His clothes soak gasoline
his face sweats gasoline
his hair shines gasoline
he flicks the lighter
flames surge up his arms and back
illuminate the dark alley
of his labor
we are not machines he cries
fire consumes his flesh
we are not metal he screams
we eat dust, we cough blood
fall asleep at our sewing machines
they inject dope into our veins
our skin burns with each stitch
we beg for time to eat
we beg for time to sing
we beg for time to strip naked
we beg to see the night
to see the sun rise
we beg for time to piss
we beg to eat
we beg for work
we are flames
we are not machines
we are not the engines that feed your dreams
we are blood and flesh

I burn
I burn for the small chest bones
of the girls bent with tuberculosis
I burn for the days and nights of constant work
I burn for the laws that are pissed on
I burn for my mother and sisters
who sleep on torn blankets
spread on the bare floor
I burn for all my sisters
who spit blood into their cupped hands
I burn for my brothers
forced to die in Vietnam
I am a monk who burns for peace
I am a woman burned by Christian priests
I am Joan burned for liberation
I am a worker burned as she pounds
on the locked factory door
I am the Russian Jew burned in a pit at Babi Yar
I am the child whose burning hands
are thrust through the barred tenement window
I am their flesh, I am their dreams
I am flames
I am not a machine
I am not a machine
I am spirit
I am light
I am love

The Snow Leopard’s Comrades by Carol Tarlen

May 8, 2009

“The new model is materialistic,”
they said, eating cabbage and potato soup
in their cramped, cold apartment.
“You have too many malls in America,
too many autos, too much.
We have nothing.”
“You have the snow leopard,”
their visitor said.

In Tajikistan only the blessed
glimpse the snow leopard’s white coat,
its black stripes
marking its small footprints
etched into ice.
How many are left
now that the walls have fallen
and poachers hunt their prey?

“It’s not the people’s fault,”
they said between sips
of their hot meal.
“They too are hungry.
All is endangered in Tajikistan.
Europeans collect everything.
Even insects belong to the free market.
Maybe we too will end up
on some rich man’s wall,” they laughed.

Their guest was silent.
He had visited empty zoos,
shared thin soups,
trudged through mountains
once protected by commissars,
crystallized icy beauty
now a stock market commodity.

“Oil companies are petitioning
our government to explore
with blasting caps
or whatever is cost effective,”
his hosts said.
“Economics come first.
Even we need soup,”
they grinned.

“What will you do?”
the American asked.
One man spoke.
“Here the people have lived for centuries
off the earth, as part of the earth.
There was no need for conservation.
But we have studied the market place
and we are now green.
We will educate the children.
They will understand.”

Yesterday the American had seen
a snow leopard’s cadaver,
toothless, thin, its coat spotted
with hairless patches.
“What happened to it?” he had asked.

“When a creature who lives off prey
has nothing to hunt,
its teeth fall out.
It’s the process of starvation.
We are all hungry creatures,”
the man explained.
“But we are hopeful
because we are the green movement
here in Tajikistan.
And because we are human,
we are foolish, but hopeful.”
They fell silent, looking
into their empty soup bowls.

The American, too, grew hopeful.
He had wanted to be blessed.
He had wanted to see a leopard,
sleek and sacred,
gliding over the snow.
“How many are you
in this movement?” he asked.
“Four,” they answered. “We are four.
But we are hopeful.”

Celebrating A Rebel Poet of San Francisco’s New Information Economy

May 4, 2009

Carol Tarlen,   1943-2004

Carol Tarlen, 1943-2004

Location: Modern Times Books, 888 Valencia Street, San Francisco                   Date:  Friday, July 10, 7 pm

Sponsored by San Francisco Labor Fest

Family and friends of  Carol Tarlen will swap stories, read poems, present a slide show, and sing to honor her work and spirit.

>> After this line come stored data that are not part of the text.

Lemma nat_entropy_le_of_prefix_le a w N :
  (forall i, 0 <= a i) -> (forall i, 0 <= w i) ->
  (forall i j, (i <= j)%N -> w j <= w i) ->
  (forall K, (K <= N)%N -> \sum_(0 <= i < K) w i <= \sum_(0 <= i < K) a i) ->
  \sum_(0 <= i < N) a i = \sum_(0 <= i < N) w i ->
  nat_entropy a N <= nat_entropy w N.
Proof.
move=> a0 w0 wdec hpre htot.
have supp i : (i < N)%N -> w i = 0 -> a i = 0.
  move=> hi wi0.
  have tail0 : \sum_(i <= j < N) w j = 0.
    rewrite big_nat_cond big1 // => j /andP[/andP[hij _] _].
    by apply/le_anti; rewrite w0 andbT -wi0; exact: wdec.
  have WiN : \sum_(0 <= j < i) w j = \sum_(0 <= j < N) w j.
    by rewrite (big_cat_nat (leq0n i) (ltnW hi)) /= tail0 addr0.
  have AiN : \sum_(0 <= j < i.+1) a j <= \sum_(0 <= j < N) a j.
    by rewrite (big_cat_nat (leq0n i.+1) hi) /= lerDl; apply: sumr_ge0.
  have := hpre i (ltnW hi); rewrite big_nat_recr //= in AiN.
  rewrite WiN -htot => hAi; apply/le_anti; rewrite a0 andbT; lra.
(* -B lies below every ln (w j), which keeps c nonincreasing across the zeros of w;
   a vanishes there too, so the value of c on them does not matter. *)
pose B := \sum_(0 <= j < N) `|ln (w j)|.
pose c i := if 0 < w i then ln (w i) else - B.
have cdec i : (i < N)%N -> c i.+1 <= c i.
  move=> hi; rewrite /c; case: ifP => [wi1|_].
    have wi : 0 < w i := lt_le_trans wi1 (wdec _ _ (leqnSn i)).
    by rewrite wi ler_ln ?posrE // wdec.
  case: ifP => // _; apply: lerNnormlW.
  rewrite /B (bigD1_seq i) ?mem_index_iota ?iota_uniq //= lerDl.
  by apply: sumr_ge0.
have term i : (i < N)%N ->
    (a i - w i) * c i + (a i - w i) <= a i * ln (a i) - w i * ln (w i).
  move=> hi; rewrite /c; case: ifP => [wi|/negbT]; last first.
    rewrite -leNgt => wi_le0; have wi0 : w i = 0 by apply/le_anti; rewrite wi_le0 w0.
    by rewrite wi0 supp // !(subrr, mul0r, addr0).
  by have := gibbs_ineq (a0 i) wi; rewrite !mulrBl !mulrBr; lra.
have hsum : \sum_(0 <= i < N) ((a i - w i) * c i + (a i - w i))
    <= \sum_(0 <= i < N) (a i * ln (a i) - w i * ln (w i)).
  by apply: ler_sum_nat => i /andP[_ hi]; exact: term.
have habel := abel_prefix_le cdec hpre htot.
have hdiff : \sum_(0 <= i < N) (a i - w i) * c i =
    \sum_(0 <= i < N) a i * c i - \sum_(0 <= i < N) w i * c i.
  by rewrite -sumrB; apply: eq_bigr => i _; rewrite mulrBl.
rewrite big_split /= hdiff !sumrB htot subrr addr0 in hsum.
rewrite /nat_entropy; lra.
Qed.

Lemma nat_entropy_spread q n l : (0 < l)%N -> (forall i, 0 <= q i) ->
  nat_entropy (spread l q) (n * l) = ln l%:R * \sum_(0 <= i < n) q i + nat_entropy q n.
Proof.
move=> l0 q0.
have block i : \sum_(0 <= t < l) spread l q (i * l + t) * ln (spread l q (i * l + t)) =
    q i * ln (q i) - ln l%:R * q i.
  rewrite (eq_big_nat _ _ (F2 := fun=> q i / l%:R * ln (q i / l%:R))); last first.
    by move=> t /andP[_ ht]; rewrite spread_block.
  rewrite sumr_const_nat subn0 -mulrnAl -mulr_natr divfK ?pnatr_eq0 -?lt0n //.
  have [->|qn0] := eqVneq (q i) 0; first by rewrite !mul0r mulr0 subrr.
  have qi : 0 < q i by rewrite lt_neqAle eq_sym qn0 q0.
  by rewrite ln_div ?posrE ?ltr0n // mulrBr [ln l%:R * _]mulrC.
rewrite /nat_entropy sum_nat_blocks (eq_bigr _ (fun i _ => block i)) sumrB mulr_sumr.
lra.
Qed.

End EntropyConcavity.

Section RowVectors.
Variable R : realType.
Local Notation geR := (fun a b : R => b <= a).

Definition entries N (v : 'rV[R]_N) : seq R := [seq v 0 i | i : 'I_N].

Definition entry N (v : 'rV[R]_N) (i : nat) : R := (entries v)`_i.

Lemma size_entries N (v : 'rV[R]_N) : size (entries v) = N.
Proof. by rewrite size_map size_enum_ord. Qed.

Lemma entryE N (v : 'rV[R]_N) (i : 'I_N) : entry v i = v 0 i.
Proof. by rewrite /entry (nth_map i) ?nth_ord_enum // size_enum_ord. Qed.

Lemma entry_out N (v : 'rV[R]_N) i : (N <= i)%N -> entry v i = 0.
Proof. by move=> hi; rewrite /entry nth_default // size_entries. Qed.

Lemma entry_ge0 N (v : 'rV[R]_N) : (forall j, 0 <= v 0 j) -> forall i, 0 <= entry v i.
Proof.
move=> v0 i; have [hi|hi] := ltnP i N; last by rewrite entry_out.
by rewrite -[i]/(nat_of_ord (Ordinal hi)) entryE.
Qed.

Lemma sum_entry N (v : 'rV[R]_N) : \sum_(i < N) v 0 i = \sum_(0 <= i < N) entry v i.
Proof. by rewrite big_mkord; apply: eq_bigr => i _; rewrite entryE. Qed.

Lemma sorted_entries N (v : 'rV[R]_N) :
  (forall i j : 'I_N, (i <= j)%N -> v 0 j <= v 0 i) -> sorted geR (entries v).
Proof.
move=> vdec; rewrite sorted_map.
have : sorted (relpre val leq) (enum 'I_N) by rewrite -sorted_map val_enum_ord iota_sorted.
by apply: sub_sorted => i j /= hij; exact: vdec.
Qed.

Lemma entry_noninc N (v : 'rV[R]_N) : Prob_dec v ->
  forall i j, (i <= j)%N -> entry v j <= entry v i.
Proof.
move=> [[v0 _] vdec] i j hij; have [hj|hj] := ltnP j N; last first.
  by rewrite entry_out ?entry_ge0.
apply: (sorted_leq_nth ge_trans lexx) => //; first exact: sorted_entries.
by rewrite inE size_entries (leq_ltn_trans hij).
by rewrite inE size_entries.
Qed.

Lemma sum_largest_prefix N (v : 'rV[R]_N) k :
  (forall i j : 'I_N, (i <= j)%N -> v 0 j <= v 0 i) ->
  sum_largest v k = \sum_(0 <= i < k) entry v i.
Proof.
by move=> vdec; rewrite /sum_largest sorted_sort ?sum_take_nth ?sorted_entries //; exact: ge_trans.
Qed.

Lemma sum_entries N (v : 'rV[R]_N) : \sum_(x <- entries v) x = \sum_(i < N) v 0 i.
Proof. by rewrite -[entries v]take_size sum_take_nth size_entries sum_entry. Qed.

Poets, writers, filmmakers, and performers will include:
Derek Dabkoski,     Marcus Duskin,     Jeff Goldthorpe.  David Joseph,   Sarah Menefee,     Louise Nayer,     Christy Rodgers,    Leslie Simon,      Alicia Tarlen,   Nellie Wong.

It has been five years since Carol Tarlen’s passing, yet her work has not received the notice it cries out for. We will not let her brilliant, incisive body of work be “disappeared” by the latest cycle of the info-economy’s “eternal now.” Her community is coming together to share the light of Carol’s words with the larger Labor Fest, progressive community. This event will give a sense of the range of Carol’s work, suggest her personal sensibility, and present the work of those she touched.

This blog has been established to prepare the way for this event. Carol’s friends, family, and co-workers need a site to share her work, reflect on her life and work, and discuss how to transmit her work to future readers. Please submit your favorite Carol Tarlen poems and short prose to the blog, post your own comments, and contribute to the planning of the July 10th event.

About the Author:  Carol Tarlen had her poetry and prose published in literary journals (Ikon, Exquisite Corpse, The Berkley Poetry Review, Sing Heavenly Muse, Hurricane Alice, Poetry USA) and in three anthologies:  Calling Home: Writings of Working Class Women (Rutgers University Press); Liberating Memory (Rutgers University Press); and For A Living (University of Illinois Press).  In 1994, she was the first place winner in the San Francisco Bay Guardian Poetry Contest.  She was active for many years in labor, peace, and homeless advocacy groups.  Ms Tarlen died in 2004.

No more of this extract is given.